For those who were already familiar with Golem’s durability, you might be familiar with the claim of Golem being SDK independent. In other words, “you write code normally as you do, and let Golem take care of the rest”.
The above examples clearly show how much SDK-independent Golem is compared to a framework that strongly depends on its library functions to get things going.
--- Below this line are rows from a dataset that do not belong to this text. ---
Lemma bertrand n : 0 < n -> exists2 p, prime p & n < p <= n.*2.
Proof.
move=> n_gt0; have [lt_n|le_n] := ltnP n (2 ^ 13).
  by apply: bertrand_small; rewrite n_gt0 (leq_trans lt_n).
have [p /andP[p_pr lt_np] | no_prime] := pickP (fun p : 'I_(n.*2.+1) => prime p && (n < p)).
  by exists p => //; rewrite lt_np -ltnS ltn_ord.
have {}no_prime p : prime p -> n < p -> n.*2 < p.
  move=> p_pr lt_np; rewrite ltnNge; apply/negP => le_p2n.
  by have := no_prime (Ordinal (le_p2n : p < n.*2.+1)); rewrite /= p_pr lt_np.
have [u [lt_2n_u2 le_u lt_4n]] := bertrand_estimate le_n.
have n_gt4 : 4 < n by lia.
have le_bin := central_bin_le_no_prime n_gt4 no_prime lt_2n_u2 le_u.
have le_4n := leq_trans (exp4_le_central_bin n) (leq_mul (leqnn _) le_bin).
by have := leq_ltn_trans le_4n lt_4n; rewrite ltnn.
Qed.

(** * Minimum distance *)

Section Moments.
Local Open Scope ring_scope.

(* If e i0 != 0, the polynomial of degree < k vanishing on the rest of the support
   isolates the i0-th term of the moment relations. *)
Lemma moments_eq0_small_support (F : fieldType) (I : finType) (z e : I -> F) k :
  (forall j, (j < k)%N -> \sum_i z i ^+ j * e i = 0) ->
  {in support e &, injective z} -> (#|support e| <= k)%N ->
  forall i, e i = 0.
Proof.
move=> moments_eq0 z_inj supp_le i0; apply/eqP; apply: contraT => e_i0.
set S := support e in z_inj supp_le.
pose f := \prod_(c <- [seq z i | i <- enum [predD1 S & i0]]) ('X - c%:P) : {poly F}.
have f_size : (size f <= k)%N.
  rewrite size_prod_XsubC size_map -cardE (leq_trans _ supp_le) // (cardD1 i0 S).
  by rewrite [i0 \in S]inE e_i0.
have f_moment : \sum_i f.[z i] * e i = 0.
  under eq_bigr => i _ do rewrite horner_coef mulr_suml.
  rewrite exchange_big /= big1 // => j _.
  under eq_bigr => i _ do rewrite -mulrA.
  by rewrite -mulr_sumr moments_eq0 ?mulr0 // (leq_trans _ f_size).
move: f_moment; rewrite (bigD1 i0) //= big1 ?addr0 => [/eqP|i ne_i_i0]; last first.
  have [S_i|] := boolP (i \in S); last by rewrite !inE negbK => /eqP->; rewrite mulr0.
  apply/eqP; rewrite mulf_eq0 -/(root f _) root_prod_XsubC; apply/orP; left.
  by apply: map_f; rewrite mem_enum !inE ne_i_i0.
rewrite mulf_eq0 (negbTE e_i0) orbF -/(root f _) root_prod_XsubC.
move=> /mapP[i]; rewrite mem_enum => /andP[ne_i_i0 S_i] eq_z.
by move: ne_i_i0; rewrite -(z_inj i0 i) ?eqxx.
Qed.

End Moments.

Lemma eq_modn_close a b c m :
  a = b %[mod m] -> a <= b + c -> b <= a + c -> c < m -> a = b.
Proof.
wlog le_ab : a b / a <= b => [hwlog|].
  by have [/hwlog//|/ltnW/hwlog h ? ? ? ?] := leqP a b; apply/esym/h.
move=> eq_mod _ le_b lt_cm; apply/eqP; rewrite eqn_leq le_ab /=.
have [//|lt_ab] := leqP b a.
have := dvdn_leq (_ : 0 < b - a) (_ : m %| b - a); rewrite -?eqn_mod_dvd ?eq_mod //; lia.
Qed.

Lemma VT0_le_dH q n (x y : word q n) : VT 0 x <= VT 0 y + dH x y * (q - 1).
Proof.
rewrite /VT /dH -sum1_card big_distrl /= [X in _ + X]big_mkcond /= -big_split /=.
apply: leq_sum => i _; rewrite !mul1n inE.
by case: eqP => [->|_] /=; [rewrite addn0 | have := ltn_ord (x i); lia].
Qed.

Lemma diff_span_ge q n (x y : word q n) (i j : 'I_n) :
  x i != y i -> x j != y j -> i - j <= diff_span x y.
Proof.
move=> ne_i ne_j; apply: leq_sub; first exact: (leq_bigmax_cond (F := val) i ne_i).
by rewrite -minEnat; exact: (Order.TotalTheory.bigmin_le_cond n val ne_j).
Qed.

Lemma eq_Fp_nat p a b : prime p -> ((a%:R : 'F_p) == b%:R)%R = (a == b %[mod p]).
Proof. by move=> p_pr; rewrite -val_eqE /= !val_Fp_nat. Qed.

(* [VT] and [redundancy] are stated with Stdlib's [Nat.pow], not with [expn]. *)
Lemma natpowE m k : Nat.pow m k = m ^ k.
Proof. by elim: k => // k IHk; rewrite expnS -IHk. Qed.

Lemma dH_sym q n (x y : word q n) : dH x y = dH y x.
Proof. by apply: eq_card => i; rewrite !inE eq_sym. Qed.

Lemma code_dH_ge q d p n a (x y : word q n) : prime p -> q <= p ->
  x \in code q d p n a -> y \in code q d p n a -> x != y ->
  diff_span x y < p -> d <= dH x y.
Proof.
move=> p_pr le_qp; rewrite !inE => /forallP x_code /forallP y_code ne_xy lt_span.
rewrite leqNgt; apply/negP => lt_dH.
have VT_cong k : k < d - 1 -> VT k x = VT k y %[mod modulus q d p k].
  by move=> lt_kd; move: (x_code (Ordinal lt_kd)) (y_code (Ordinal lt_kd)) => /eqP-> /eqP->.
pose z (i : 'I_n) : 'F_p := (i.+1)%:R%R.
pose e (i : 'I_n) : 'F_p := ((x i : nat)%:R - (y i : nat)%:R)%R.
have e_eq0 i : (e i == 0)%R = (x i == y i).
  by rewrite subr_eq0 eq_Fp_nat // !modn_small ?(leq_trans (ltn_ord _) le_qp).
have moments j : j < d - 1 -> (\sum_i z i ^+ j * e i = 0)%R.
  move=> lt_jd; have -> : (\sum_i z i ^+ j * e i = (VT j x)%:R - (VT j y)%:R)%R.
    rewrite /VT !natr_sum -sumrB; apply: eq_bigr => i _.
    by rewrite /z /e -natrX mulrBr -!natrM natpowE.
  apply/eqP; rewrite subr_eq0 eq_Fp_nat //.
  case: j lt_jd => [|j] lt_jd; last exact/eqP/(VT_cong _ lt_jd).
  suff -> : VT 0 x = VT 0 y by [].
  apply: (eq_modn_close (VT_cong 0 lt_jd) (VT0_le_dH x y)); first by rewrite dH_sym VT0_le_dH.
  by rewrite /modulus /= addn1 ltnS leq_mul2r; apply/orP; right; lia.
have z_inj : {in support e &, injective z}.
  move=> i j; rewrite !inE !e_eq0 => ne_i ne_j /eqP; rewrite eq_Fp_nat // => /eqP eq_ij.
  apply/val_inj/succn_inj/(eq_modn_close (c := diff_span x y) eq_ij) => //.
    by have := diff_span_ge ne_i ne_j; lia.
  by have := diff_span_ge ne_j ne_i; lia.
have supp_le : #|support e| <= d - 1.
  rewrite (eq_card (B := [set i | x i != y i])) => [|i]; last by rewrite !inE e_eq0.
  by rewrite /dH in lt_dH; lia.
have e_eq0_all := moments_eq0_small_support moments z_inj supp_le.
by move/eqP: ne_xy; apply; apply/ffunP => i; apply/eqP; rewrite -e_eq0 e_eq0_all.
Qed.

(** * Redundancy *)

Lemma exists_large_fiber (T U : finType) (f : T -> U) (x0 : T) :
  exists x, #|T| <= #|U| * #|[set y | f y == f x]|.
Proof.
have U_gt0 : 0 < #|U| by apply/card_gt0P; exists (f x0).
have [u0 _ max_u0] := eq_bigmax_cond (fun u => #|[set y | f y == u]|) U_gt0.
have card_T : #|T| = \sum_(u : U) #|[set y | f y == u]|.
  rewrite -sum1_card (partition_big f predT) //=.
  by apply: eq_bigr => u _; rewrite -sum1_card; apply: eq_bigl => y; rewrite inE.
have le_T : #|T| <= #|U| * #|[set y | f y == u0]|.
  rewrite card_T -max_u0 -sum_nat_const; apply: leq_sum => v _.
  exact: (leq_bigmax (F := fun u => #|[set y | f y == u]|) v).
case: (set_0Vmem [set y | f y == u0]) => [fiber0 | [y]].
  by exists x0; move: le_T; rewrite fiber0 cards0 muln0 leqn0 => /eqP ->.
by rewrite inE => /eqP fy_u0; exists y; rewrite fy_u0.
Qed.

Lemma code_card_lb q d p n : 0 < q -> 0 < p ->
  exists a : nat -> nat,
    [/\ a 0 < (d - 1) * (q - 1) + 1,
        (forall i, 1 <= i <= d - 2 -> a i < p) &
        q ^ n <= ((d - 1) * (q - 1) + 1) * p ^ (d - 2) * #|code q d p n a|].
Proof.
move=> q_gt0 p_gt0; have p0_gt0 : 0 < (d - 1) * (q - 1) + 1 by rewrite addn1.
pose res (x : word q n) : 'I_((d - 1) * (q - 1) + 1) * {ffun 'I_(d - 2) -> 'I_p} :=
  (Ordinal (ltn_pmod (VT 0 x) p0_gt0), [ffun k : 'I_(d - 2) => Ordinal (ltn_pmod (VT k.+1 x) p_gt0)]).
have [x0 le_fiber] := exists_large_fiber res [ffun => Ordinal q_gt0].
exists (fun i => VT i x0 %% modulus q d p i); split => [|[|i] //|].
- exact: ltn_pmod.
- by move=> _; apply: ltn_pmod.
have fiber_sub : [set y | res y == res x0] \subset code q d p n (fun i => VT i x0 %% modulus q d p i).
  apply/subsetP => y; rewrite !inE /res => /eqP [VT0_eq /ffunP VT_eq].
  apply/forallP => -[[|k] lt_kd]; rewrite /= modn_mod /modulus /=; first exact/eqP.
  have lt_k : k < d - 2 by lia.
  by move/(congr1 val): (VT_eq (Ordinal lt_k)); rewrite !ffunE /= => ->.
have card_words : #|{: word q n}| = q ^ n by rewrite card_ffun !card_ord.
rewrite -card_words (leq_trans le_fiber) //.
by rewrite card_prod card_ffun !card_ord leq_mul2l subset_leq_card ?orbT.
Qed.

Section Logarithms.
Local Open Scope R_scope.

Lemma INR_pos k : (0 < k)%N -> 0 < INR k.
Proof. by move=> k_gt0; apply/lt_0_INR/ltP. Qed.

Lemma ln_le x y : 0 < x -> x <= y -> ln x <= ln y.
Proof.
move=> x_gt0 /Rle_lt_or_eq_dec[lt_xy | <-]; last exact: Rle_refl.
exact/Rlt_le/ln_increasing.
Qed.

Lemma logb_mult b x y : 0 < x -> 0 < y -> logb b (x * y) = logb b x + logb b y.
Proof. by move=> x_gt0 y_gt0; rewrite /logb ln_mult // /Rdiv Rmult_plus_distr_r. Qed.

Lemma logb_pow b x k : 0 < x -> logb b (x ^ k) = INR k * logb b x.
Proof. by move=> x_gt0; rewrite /logb ln_pow // /Rdiv Rmult_assoc. Qed.

Lemma redundancy_le_logb q n (C : {set word q n}) K : (2 <= q)%N ->
  (q ^ n <= K * #|C|)%N -> redundancy q n C <= logb (INR q) (INR K).
Proof.
move=> le2q le_qn.
have qn_gt0 : (0 < q ^ n)%N by rewrite expn_gt0; lia.
have [K_gt0 C_gt0] : (0 < K)%N /\ (0 < #|C|)%N.
  by move: (leq_trans qn_gt0 le_qn); rewrite muln_gt0 => /andP.
have lnq_gt0 : 0 < ln (INR q).
  by rewrite -ln_1; apply: ln_increasing; [lra | apply/lt_1_INR/ltP].
have le_ln : INR n * ln (INR q) <= ln (INR K) + ln (INR #|C|).
  rewrite -ln_pow; last by apply: INR_pos; lia.
  rewrite -ln_mult; try by apply: INR_pos.
  rewrite -pow_INR -mult_INR natpowE.
  by apply: ln_le; [apply: INR_pos | apply/le_INR/leP].
rewrite /redundancy /logb; apply: (Rmult_le_reg_r (ln (INR q))) => //.
have lnq_neq0 : ln (INR q) <> 0 by lra.
rewrite Rmult_minus_distr_r /Rdiv !Rmult_assoc Rinv_l // !Rmult_1_r; lra.
Qed.

End Logarithms.

Theorem theorem7 (q d P n p : nat)
  (hq : 2 <= q) (hd : 2 <= d) (hP : 1 <= P) (hn : 1 <= n)
  (hp : prime p) (hpge : maxn P q <= p)
  (hpmin : forall p' : nat, prime p' -> maxn P q <= p' -> p <= p') :
  (forall a : nat -> nat,
     a 0 < (d - 1) * (q - 1) + 1 ->
     (forall i, 1 <= i <= d - 2 -> a i < p) ->
     forall x y : word q n,
       x \in code q d p n a -> y \in code q d p n a -> x != y ->
       diff_span x y < P -> d <= dH x y)
  /\
  (exists a : nat -> nat,
     [/\ a 0 < (d - 1) * (q - 1) + 1,
         (forall i, 1 <= i <= d - 2 -> a i < p),
         0 < #|code q d p n a| &
         Rle (redundancy q n (code q d p n a))
            (Rplus (Rmult (INR (d - 2)) (logb (INR q) (Rmult (INR 2) (INR (maxn P q)))))
                   (logb (INR q) (INR ((d - 1) * (q - 1) + 1))))]).
Proof.
have [le_Pp le_qp] : P <= p /\ q <= p by apply/andP; rewrite -geq_max.
split=> [a _ _ x y x_code y_code ne_xy lt_span|].
  exact: code_dH_ge hp le_qp x_code y_code ne_xy (leq_trans lt_span le_Pp).
pose m := maxn P q; have m_gt0 : 0 < m by rewrite leq_max hP.
have [r r_pr /andP[lt_mr le_r2m]] := bertrand m_gt0.
have le_p2m : p <= m.*2 := leq_trans (hpmin r r_pr (ltnW lt_mr)) le_r2m.
have [a [a0_lt ai_lt card_lb]] := code_card_lb d n (ltnW hq) (prime_gt0 hp).
have {}card_lb : q ^ n <= ((d - 1) * (q - 1) + 1) * m.*2 ^ (d - 2) * #|code q d p n a|.
  apply: leq_trans card_lb _; rewrite leq_mul2r leq_mul2l; apply/orP; right; apply/orP; right.
  by case: (d - 2) => [//|e]; rewrite leq_exp2r.
have qn_gt0 : 0 < q ^ n by rewrite expn_gt0 (leq_trans _ hq).
exists a; split=> //; first by move: (leq_trans qn_gt0 card_lb); rewrite muln_gt0 => /andP[].
apply: Rle_trans (redundancy_le_logb hq card_lb) _.
have two_m_gt0 := Rmult_lt_0_compat _ _ (INR_pos (isT : 0 < 2)) (INR_pos m_gt0).
rewrite mult_INR -natpowE pow_INR logb_mult ?logb_pow -?mul2n ?mult_INR.
- by rewrite Rplus_comm; apply: Rle_refl.
- exact: two_m_gt0.
- by apply: INR_pos; rewrite addn1.
- exact: pow_lt.
Qed.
SDKs do exist to make things easier for developers and not exactly for Golem’s solution to durability and exactly-once semantics to work.
More recently, Golem has made a natural leap into the agentic space, with its runtime natively understanding the semantics of agents — with a strong focus on developer experience (DX).
Agent Frameworks Are Batteries Included for AI. How About Golem?
import * as llm from 'golem:llm/llm@1.0.0';
import * as webSearch from 'golem:web-search/web-search@1.0.0';
@prompt("What topic do you want to research?")
async research(topic: string): Promise<string> {
const searchResult = searchWebForTopic(topic)
let llmResult = llm.send([
{
tag: "message",
val: {
role: "assistant",
name: "research-agent",
content: [{
tag: "text",
val: `I'm writing a report on the topic "${topic}",
Your job is to be a research-assistant and provide me
an initial overview on the topic so I can dive into
it in more detail...`
}]
}
}
])
return llmResult
}Golem provides first-class AI integrations through its component model — LLM, web search, and more — all accessible as standard imports without any framework lock-in.